Validation Phase 4 – NSX Data Plane (ESXi hosts to NSX Components)
In this section we are going to execute a few commands on the ESXi hosts. Run these commands on each of your ESXi hosts individually so you can see the visual differences between the outputs on each. Some commands will be used to specifically verify data plane functionality and others will used to verify communication between the data plane and control/management planes.
- First lets make sure the VIB packages were installed; specifically the ‘esx-vsip’ and ‘esx-vxlan’ VIBs. (Command used to verify data plane functionality)
esxcli software vib list | grep vsip esxcli software vib list | grep vxlan
NOTE: This step can also be accomplished by executing the command ‘esxcli software vib list | grep esx’ instead.
- The next command ensures the modules are loaded on the ESXi host. These modules provide VXLAN, firewall, DLR and bridging functionality. (Command used to verify data plane functionality)
vmkload_mod -l | grep vd vmkload_mod -l | grep vsip
- The next command is used to ensure the ‘vsfwd’ agent is running. This service specifically connects to the NSX Manager and pulls down configuration details. This connection is then proxied to the ‘netcpa UWA’ (User World Agent) for the NSX Manager. (Command verifies data plane communication with the management plane)
- The next command is used to verify the ESXi host communication with the NSX Manager. The output from this command should match the IP address of the NSX Manager. (Verifies data plane communication with the management plane)
esxcfg-advcfg -g /UserVars/RmqIpAddress
- Use this command to verify that the ‘vsfwd’ is communicating with the NSX Manager (which is where it gets its configuration parameters from). The ‘vsfwd’ agent should display several connections to the NSX Manager (IP address) on port 5671. The first IP address you will see is the local ESXi host address; the next IP address will be the NSX Manager IP address and port 5671. The connections should all be ‘ESTABLISHED’ and at the end you will see ‘vsfwd’ listed. (Verifies communication between the data plane and the management plane)

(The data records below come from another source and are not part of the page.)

(* Let $G$ be a $(P_6,C_5)$-free graph. If $G$ admits a nice coloring, then $G$ is 4-colorable.
   Context: Graphs are finite and simple. A graph is $(P_6,C_5)$-free if it has no induced 6-vertex path and no induced 5-cycle. A partial 4-coloring of $G$ assigns colors from $\{1,2,3,4\}$ to some of the vertices so that adjacent colored vertices get different colors; the other vertices are uncolored. A partial 4-coloring $c$ is nice if (N1) the set of uncolored vertices is an independent set, and (N2) for every uncolored vertex $y$, letting $U=\{u\in N(y): c(u)\in\{1,2\}\}$ and $W=\{w\in N(y): c(w)\in\{3,4\}\}$, we have $N(y)=U\cup W$ and at least one of $U,W$ is an independent set (possibly empty). *)

From mathcomp Require Import all_boot.
Set Implicit Arguments. Unset Strict Implicit. Unset Printing Implicit Defensive.

Definition simple_graph (T : finType) (e : rel T) : Prop :=
  symmetric e /\ irreflexive e.

Definition has_induced_P6 (T : finType) (e : rel T) : Prop :=
  exists v : 'I_6 -> T, injective v /\
    forall i j : 'I_6, e (v i) (v j) = ((i.+1 == j :> nat) || (j.+1 == i :> nat)).

Definition has_induced_C5 (T : finType) (e : rel T) : Prop :=
  exists v : 'I_5 -> T, injective v /\
    forall i j : 'I_5, e (v i) (v j) =
      ((i.+1 %% 5 == j :> nat) || (j.+1 %% 5 == i :> nat)).

Definition P6_C5_free (T : finType) (e : rel T) : Prop :=
  ~ has_induced_P6 e /\ ~ has_induced_C5 e.

(* Partial 4-coloring: c x = None means x uncolored; c x = Some k means colour k+1
   (so ordinals 0,1 are the paper's colours 1,2 and ordinals 2,3 are colours 3,4). *)
Definition partial_4coloring (T : finType) (e : rel T) (c : T -> option 'I_4) : Prop :=
  forall x y, e x y -> c x <> None -> c y <> None -> c x <> c y.

Definition independent (T : finType) (e : rel T) (S : pred T) : Prop :=
  forall x y, S x -> S y -> ~~ e x y.

Definition col12 (c : option 'I_4) : bool :=
  if c is Some k then (k < 2)%N else false.
Definition col34 (c : option 'I_4) : bool :=
  if c is Some k then (2 <= k)%N else false.

Definition nice_coloring (T : finType) (e : rel T) (c : T -> option 'I_4) : Prop :=
  partial_4coloring e c /\
  independent e (fun x => c x == None) /\
  (forall y, c y = None ->
     let U := fun u => e y u && col12 (c u) in
     let W := fun w => e y w && col34 (c w) in
     (forall u, e y u -> U u || W u) /\
     (independent e U \/ independent e W)).

Definition four_colorable (T : finType) (e : rel T) : Prop :=
  exists f : T -> 'I_4, forall x y, e x y -> f x != f y.

From mathcomp Require Import all_boot zify.
Set Implicit Arguments. Unset Strict Implicit. Unset Printing Implicit Defensive.

(* Induction on the number of uncoloured vertices.  Let y be uncoloured; after
   exchanging the colour pairs {1,2} and {3,4} we may assume that the set U of
   neighbours of y coloured 1 or 2 is independent.  Swap colours 1 and 2 on
   every {1,2}-Kempe chain through a neighbour of y coloured 2; then colour 2
   becomes free at y, unless some chain joins two neighbours of y of different
   colours.  A shortest such chain is induced and its interior avoids N(y), so
   with y it forms an induced cycle: odd since the colours alternate, not a
   triangle since U is independent, hence a C5 or long enough to contain an
   induced P6. *)

Definition ord_one : 'I_4 := Ordinal (isT : 1 < 4).

Definition swap12 (k : 'I_4) : 'I_4 :=
  if k == ord0 then ord_one else if k == ord_one then ord0 else k.

Definition swap_pairs (k : 'I_4) : 'I_4 := Ordinal (ltn_pmod (k + 2) (isT : 0 < 4)).

Lemma swap12K : involutive swap12.
Proof. by case=> [[|[|[|[|?]]]] ?]; apply: val_inj. Qed.

Lemma swap_pairsK : involutive swap_pairs.
Proof. by case=> [[|[|[|[|?]]]] ?]; apply: val_inj. Qed.

Lemma col12_swap12 o : col12 (omap swap12 o) = col12 o.
Proof. by case: o => [[[|[|[|[|?]]]] ?]|]. Qed.

Lemma col34_swap12 o : col34 (omap swap12 o) = col34 o.
Proof. by case: o => [[[|[|[|[|?]]]] ?]|]. Qed.
(* Let $k\in\mathbb C$ be non-algebraic and $n,m\in\mathbb Z_{>0}$. Let $E$ be an $\mathcal E$-equivalence class (with respect to $p_0=n+k^{-1}m$), with minimal element $(\lambda_m,\mu_m)$ and maximal element $(\lambda_M,\mu_M)$, and let $\nu_1,\dots,\nu_r$ be the connected components of $\lambda_M\setminus\lambda_m$. For a set of boxes $\nu$ put $g_s(\nu)=\sum_{x\in\nu}c(x,0)^{s-1}$. Then the determinant $\det\big(g_s(\nu_t)\big)_{s,t=1}^{r}$ is nonzero.
   Context: Partitions are Young diagrams (finite sets of boxes $(i,j)\in\mathbb Z^2_{>0}$, $i$ = row, $j$ = column, closed under moving up or left); a bipartition is a pair of partitions; inclusion componentwise; connected components are with respect to boxes sharing an edge. For a box $x=(i,j)$, $c(x,a)=(j-1)+k(i-1)+a$; for $\alpha=(\lambda,\mu)$, $b_r(\alpha,k,p_0)=\sum_{x\in\lambda}c(x,0)^{r-1}+(-1)^r\sum_{y\in\mu}c(y,1+k-kp_0)^{r-1}$; bipartitions are $\mathcal E$-equivalent if all $b_r(\cdot,k,n+k^{-1}m)$, $r\ge1$, coincide. Each $\mathcal E$-class has a unique minimal and maximal element with respect to inclusion. *)

From mathcomp Require Import all_boot all_algebra finmap complex.
From mathcomp Require Import Rstruct.
Import GRing.Theory Num.Theory.
Set Implicit Arguments. Unset Strict Implicit. Unset Printing Implicit Defensive.
Local Open Scope ring_scope.
Local Open Scope fset_scope.

Definition CC : fieldType := (Rdefinitions.R)[i].

Definition non_algebraic (k : CC) : Prop :=
  forall p : {poly rat}, p != 0 -> ~~ root (map_poly ratr p) k.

esxcli network ip connection list | grep 5671
- Next we are going to executing a command to ensure ‘netcpa’ agent is running. This agent is responsible for connecting the Controller Nodes (cluster) to acquire logical routing and switching information. This is proxied through the ‘vsfwd UWA’ when communicating with the NSX Manager. (Verifies communication between the data plane and control plane)
- The next command is used to ensure the ‘netcpa’ agent is connecting to the correct controller to acquire logical routing and switching information. There will be three (3) connections listed in the output of this command. The source being the local IP address of the ESXi host, followed by the IP address of a controller on port 1234. This connection is used by the ‘netcpa-worker’. (Verifies communication between the data plane and control plane)
esxcli network ip connection list | grep 1234
- The final command is used to display information about the controllers. This file contains the IP addresses and thumbprint provided by the NSX Manager to the ESXi host when they are prepared during the installation phase. If, for whatever reason, this file becomes corrupt or is accidentally edited or whatever the case may be…simply place the ESXi host into Maintenance Mode, delete this file and reboot. The file will be regenerated upon a successful host reboot.
That is all there is to it when it comes to validating your NSX installation. Go through the process several times to familiarize yourself with it. Especially if you are new to NSX. It will become second nature at some point. The important part you want to do is know which commands are used for verifying the control plane, management plane or data plane. Aside from verifying your installation of NSX, these commands can also be used to troubleshoot issues when they arise.